What to work on:
From the entries below, copy each line in which the word "have" occurs.

▬▬▬

(* Let $R$ be a ring and $\sigma: P_{-1}\to P_0$ a homomorphism between projective right $R$-modules; $\sigma^+:P_0^+\to P_{-1}^+$ is then a homomorphism between injective left $R$-modules. (1) $\mathcal{T}_\sigma=\mathcal{C}_{\sigma^+}$, and a left $R$-module $X$ belongs to $\mathcal{C}_{\sigma^+}$ if and only if $X^+\in\mathcal{D}_\sigma$. (2) If $\sigma$ is of finite type, then a right $R$-module $Y$ belongs to $\mathcal{D}_\sigma$ if and only if $Y^+\in\mathcal{C}_{\sigma^+}$ (so $\mathcal{D}_\sigma$ and $\mathcal{C}_{\sigma^+}$ are dual definable categories). (3) A homomorphism $\lambda$ between injective left $R$-modules is of cofinite type if and only if there is a homomorphism $\sigma$ between projective right $R$-modules, of finite type, such that $\mathcal{C}_\lambda=\mathcal{C}_{\sigma^+}$.
   Context: $M^+=\operatorname{Hom}_{\mathbb Z}(M,\mathbb{Q}/\mathbb{Z})$ denotes the character dual. For a homomorphism $\alpha: A\to B$ of right $R$-modules, $\mathcal{D}_\alpha=\{X\in\text{Mod-}R \mid \operatorname{Hom}_R(\alpha,X)\text{ is surjective}\}$; $\alpha$ (with $A,B$ projective) is of finite type if there are homomorphisms $\sigma_i$ ($i\in I$) between finitely generated projective right modules with $\mathcal{D}_\alpha=\bigcap_i\mathcal{D}_{\sigma_i}$. For a homomorphism $\lambda:E_0\to E_1$ of left $R$-modules, $\mathcal{C}_\lambda=\{X\in R\text{-Mod}\mid \operatorname{Hom}_R(X,\lambda):\operatorname{Hom}_R(X,E_0)\to\operatorname{Hom}_R(X,E_1)\text{ is surjective}\}$. For a homomorphism $\sigma$ of projective right modules, $\mathcal{T}_\sigma=\{X\in R\text{-Mod}\mid \sigma\otimes_R X\text{ is injective}\}$. A homomorphism $\lambda$ between injective left modules is of cofinite type if there is a set of homomorphisms $\sigma_i$ ($i\in I$) between finitely generated projective right $R$-modules with $\mathcal{C}_\lambda=\bigcap_{i\in I}\mathcal{T}_{\sigma_i}$. *)

From HB Require Import structures.
From mathcomp Require Import all_boot all_order all_algebra.
From mathcomp Require Import boolp.
Set Implicit Arguments. Unset Strict Implicit. Unset Printing Implicit Defensive.
Import Order.TTheory GRing.Theory Num.Theory.
Local Open Scope ring_scope.

(* The abelian group Q/Z, represented by rationals in [0,1).                 *)

Definition frac (r : rat) : rat := r - (Num.floor r)%:~R.

Lemma frac_ge0 r : 0 <= frac r.
Proof. by rewrite /frac subr_ge0 floor_le. Qed.

Lemma frac_lt1 r : frac r < 1.
Proof. by rewrite /frac ltrBlDr addrC -[1]/(1%:~R) -intrD floorD1_gt. Qed.

Lemma frac_id r : 0 <= r < 1 -> frac r = r.
Proof.
move=> /andP[r0 r1]; rewrite /frac.
have -> : Num.floor r = 0 by apply: floor_def; rewrite r0 add0r r1.
by rewrite subr0.
Qed.

Lemma fracDz r (z : int) : frac (r + z%:~R) = frac r.
Proof.
rewrite /frac floorDrz ?intr_int // intrKfloor intrD.
by rewrite opprD addrACA subrr addr0.
Qed.

Lemma frac_fracl a b : frac (frac a + b) = frac (a + b).
Proof.
have -> : frac a + b = (a + b) + (- Num.floor a)%:~R.
  by rewrite /frac intrN addrAC.
by rewrite fracDz.
Qed.

Lemma frac_fracr a b : frac (a + frac b) = frac (a + b).
Proof. by rewrite addrC frac_fracl addrC. Qed.

Definition QZ := {r : rat | 0 <= r < 1}.

Definition qz_of (r : rat) : QZ :=
  exist _ (frac r) (introT andP (conj (frac_ge0 r) (frac_lt1 r))).

Definition qz0 : QZ := qz_of 0.
Definition qzopp (a : QZ) : QZ := qz_of (- sval a).
Definition qzadd (a b : QZ) : QZ := qz_of (sval a + sval b).

Lemma qz_inj (a b : QZ) : sval a = sval b -> a = b.
Proof.
case: a b => [a Ha] [b Hb] /= ab; subst b.
by rewrite (Prop_irrelevance Ha Hb).
Qed.

Lemma qz_of_val (a : QZ) : qz_of (sval a) = a.
Proof. by apply: qz_inj; rewrite /= frac_id //; case: a. Qed.

Lemma qzaddA : associative qzadd.
Proof.
move=> a b c; apply: qz_inj => /=.
by rewrite frac_fracl frac_fracr addrA.
Qed.

Lemma qzaddC : commutative qzadd.
Proof. by move=> a b; apply: qz_inj; rewrite /= addrC. Qed.

Lemma qzadd0 : left_id qz0 qzadd.
Proof.
move=> a; apply: qz_inj; rewrite /= frac_fracl add0r frac_id //; by case: a.
Qed.

Lemma qzaddN : left_inverse qz0 qzopp qzadd.
Proof. by move=> a; apply: qz_inj; rewrite /= frac_fracl addNr. Qed.

HB.instance Definition _ := Choice.copy QZ {r : rat | 0 <= r < 1}.
HB.instance Definition _ := GRing.isZmodule.Build QZ qzaddA qzaddC qzadd0 qzaddN.

(* Modules.  A left R-module is an [lmodType R]; a right R-module is an      *)
(* [lmodType R^c] (left module over the opposite ring), with m * r written   *)
(* as [(r : R^c) *: m].  Homomorphisms are MathComp linear maps.             *)

Section Modules.
Variable S : pzRingType.

Definition projective_mod (P : lmodType S) : Prop :=
  forall (M N : lmodType S) (g : {linear M -> N}) (f : {linear P -> N}),
    (forall n : N, exists m : M, g m = n) ->
    exists h : {linear P -> M}, forall p, g (h p) = f p.

Definition injective_mod (E : lmodType S) : Prop :=
  forall (M N : lmodType S) (g : {linear M -> N}) (f : {linear M -> E}),
    injective g ->
    exists h : {linear N -> E}, forall m, h (g m) = f m.

Definition fin_gen (M : lmodType S) : Prop :=
  exists (n : nat) (v : 'I_n -> M),
    forall m : M, exists c : 'I_n -> S, m = \sum_(i < n) c i *: v i.

Definition Dcat (A B : lmodType S) (alpha : A -> B) (X : lmodType S) : Prop :=
  forall f : {linear A -> X}, exists g : {linear B -> X},
    forall a, g (alpha a) = f a.

Definition Ccat (E0 E1 : lmodType S) (lambda : E0 -> E1) (X : lmodType S) : Prop :=
  forall g : {linear X -> E1}, exists h : {linear X -> E0},
    forall x, lambda (h x) = g x.

End Modules.

Section Ring.
Variable R : pzRingType.

Section DualDef.
Variable M : zmodType.
Record chardual := CharDual {
  cd_fun :> M -> QZ;
  cd_add : forall x y, cd_fun (x + y) = cd_fun x + cd_fun y }.

HB.instance Definition _ := gen_eqMixin chardual.
HB.instance Definition _ := gen_choiceMixin chardual.
Definition ptA (a : 'rV['F_2]_K) : R :=
  \prod_(j < K) (if VU j then 2^-1 else condA j (a 0 j) a).
Definition ptV (v u : 'rV['F_2]_K) : R :=
  \prod_(j < K) (if VXU j then 2^-1 else condV j (v 0 j) v u).

Definition ptK (w : blk K Y Z) : R :=
  \sum_(a : 'rV['F_2]_K) \sum_(v : 'rV['F_2]_K)
     (if (a *m G == bU w) && (v *m G == bX w) then
        ptA a * ptV v (a *m G) *
        \prod_(i < K) W (bX w 0 i) (bY w i, bZ w i)
      else 0).

(* length-N = K*L sequences, stored as the concatenation of L sub-blocks *)
Definition qN (L : nat) (w : {ffun 'I_L -> blk K Y Z}) : R :=
  \prod_(l < L) qK (w l).
Definition ptN (L : nat) (w : {ffun 'I_L -> blk K Y Z}) : R :=
  \prod_(l < L) ptK (w l).

End Construction.

From HB Require Import structures.
From mathcomp Require Import all_boot all_order all_algebra.
From mathcomp Require Import all_classical all_reals all_analysis.
From mathcomp Require Import lra.
Import Order.TTheory GRing.Theory Num.Theory.
Local Open Scope ring_scope.
Set Implicit Arguments. Unset Strict Implicit. Unset Printing Implicit Defensive.

(* In one sub-block, G is an involution, so U and X are functions of A = U G
   and V = X G, and the chain rule along the coordinates of A and V gives
     q(u,x,y,z) = prod_j q(a_j | a^{<j}) * prod_j q(v_j | v^{<j}, u) * p(y,z | x).
   The law p~ has the same factors, except that for j in V_U (resp. V_{X|U})
   the conditional is replaced by 1/2.  Hence log2 (q / p~) is the sum over
   these frozen indices of 1 + log2 q(. | .), whose q-expectation is
   1 - H(A_j | A^{<j}) (resp. 1 - H(V_j | V^{<j} U)) < delta_K: a sub-block
   contributes at most 2 K delta_K, and divergence adds up over the L
   independent sub-blocks. *)

Lemma castmx_mulmx (R : pzRingType) m m' (e : m = m') (A B : 'M[R]_m) :
  castmx (e, e) A *m castmx (e, e) B = castmx (e, e) (A *m B).
Proof. by case: m' / e. Qed.

Lemma castmx_scalar (R : pzRingType) m m' (e : m = m') (a : R) :
  castmx (e, e) (a%:M : 'M[R]_m) = a%:M.
Proof. by case: m' / e. Qed.

Lemma polarG_invol n : polarG n *m polarG n = 1%:M.
Proof.
elim: n => [|n IH] /=; first by rewrite mul1mx.
rewrite castmx_mulmx mulmx_block IH !mulmx0 !mul0mx !addr0 add0r.
have -> : (1%:M + 1%:M : 'M['F_2]_(2 ^ n)) = 0.
  by apply/matrixP => i j; rewrite !mxE; apply: addrr_pchar2; apply: pchar_Fp.
by rewrite -scalar_mx_block castmx_scalar.
Qed.

Lemma polarG_mulK n (a : 'rV['F_2]_(2 ^ n)) : a *m polarG n *m polarG n = a.
Proof. by rewrite -mulmxA polarG_invol mulmx1. Qed.

Lemma eq_polarG_mul n (a b : 'rV['F_2]_(2 ^ n)) :
  (a *m polarG n == b) = (a == b *m polarG n).
Proof. by apply/eqP/eqP => [<-|->]; rewrite polarG_mulK. Qed.

Lemma polarG_mul_inj n (a b : 'rV['F_2]_(2 ^ n)) :
  (a *m polarG n == b *m polarG n) = (a == b).
Proof. by rewrite eq_polarG_mul polarG_mulK. Qed.

Section Prefix.
Variable k : nat.
Implicit Types a b : 'rV['F_2]_k.

Lemma pref0 a b : pref 0 a = pref 0 b.
Proof. by apply/ffunP => i; rewrite !ffunE. Qed.

Lemma pref_full a b : (pref k a == pref k b) = (a == b).
Proof.
apply/eqP/eqP => [eq_ab|-> //]; apply/matrixP => i j; rewrite (ord1 i).
by have := congr1 (fun f : {ffun 'I_k -> 'F_2} => f j) eq_ab; rewrite !ffunE ltn_ord.
Qed.

Lemma prefS (j : 'I_k) a b :
  (pref j.+1 a == pref j.+1 b) = (a 0 j == b 0 j) && (pref j a == pref j b).
Proof.
apply/eqP/andP => [eq_ab|[/eqP eq_j /eqP eq_lt]].
  split.
    by have := congr1 (fun f : {ffun 'I_k -> 'F_2} => f j) eq_ab; rewrite !ffunE ltnSn => ->.
  apply/eqP/ffunP => i; rewrite !ffunE; case: ifP => // lt_ij.
  by have := congr1 (fun f : {ffun 'I_k -> 'F_2} => f i) eq_ab; rewrite !ffunE ltnS ltnW.
apply/ffunP => i; rewrite !ffunE ltnS leq_eqVlt.
case: eqP => [/val_inj -> // | _] /=; case: ifP => // lt_ij.
by have := congr1 (fun f : {ffun 'I_k -> 'F_2} => f i) eq_lt; rewrite !ffunE lt_ij.
Qed.

End Prefix.

Lemma telescope_prodf_ord (F : fieldType) (h : nat -> F) m :
  (forall i, (i <= m)%N -> h i != 0) -> \prod_(i < m) (h i.+1 / h i) = h m / h 0.
Proof.
case: m => [|m] h_neq0; first by rewrite big_ord0 divff ?h_neq0.
rewrite -(big_mkord xpredT (fun i => h i.+1 / h i)) telescope_prodf // => i.
by case/andP=> _ /ltnW; apply: h_neq0.
Qed.

Section Log2.
Variable R : realType.
Implicit Types x y : R.

Lemma log21 : log2 (1 : R) = 0.
Proof. by rewrite /log2 ln1 mul0r. Qed.

Lemma log2M x y : 0 < x -> 0 < y -> log2 (x * y) = log2 x + log2 y.
Proof. by move=> x0 y0; rewrite /log2 lnM ?posrE // mulrDl. Qed.

Lemma log2_divV2 x : 0 < x -> log2 (x / 2^-1) = 1 + log2 x.
Proof.
move=> x0; rewrite invrK mulrC log2M // /log2 divff //.
by apply/lt0r_neq0/ln_gt0; rewrite ltr1n.
Qed.

Lemma log2_prod (I : finType) (P : pred I) (F : I -> R) :
  (forall i, 0 < F i) -> log2 (\prod_(i | P i) F i) = \sum_(i | P i) log2 (F i).
Proof.
move=> F_gt0; suff [] : 0 < \prod_(i | P i) F i /\
    log2 (\prod_(i | P i) F i) = \sum_(i | P i) log2 (F i) by [].
elim/big_rec2: _ => [|i p s _ [p_gt0 <-]]; first by rewrite log21.
by rewrite mulr_gt0 // log2M.
Qed.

▬▬▬

Reply:
have -> : Num.floor r = 0 by apply: floor_def; rewrite r0 add0r r1.
have -> : frac a + b = (a + b) + (- Num.floor a)%:~R.
have -> : (1%:M + 1%:M : 'M['F_2]_(2 ^ n)) = 0.
by have := congr1 (fun f : {ffun 'I_k -> 'F_2} => f j) eq_ab; rewrite !ffunE ltn_ord.
    by have := congr1 (fun f : {ffun 'I_k -> 'F_2} => f j) eq_ab; rewrite !ffunE ltnSn => ->.
  by have := congr1 (fun f : {ffun 'I_k -> 'F_2} => f i) eq_ab; rewrite !ffunE ltnS ltnW.
by have := congr1 (fun f : {ffun 'I_k -> 'F_2} => f i) eq_lt; rewrite !ffunE lt_ij.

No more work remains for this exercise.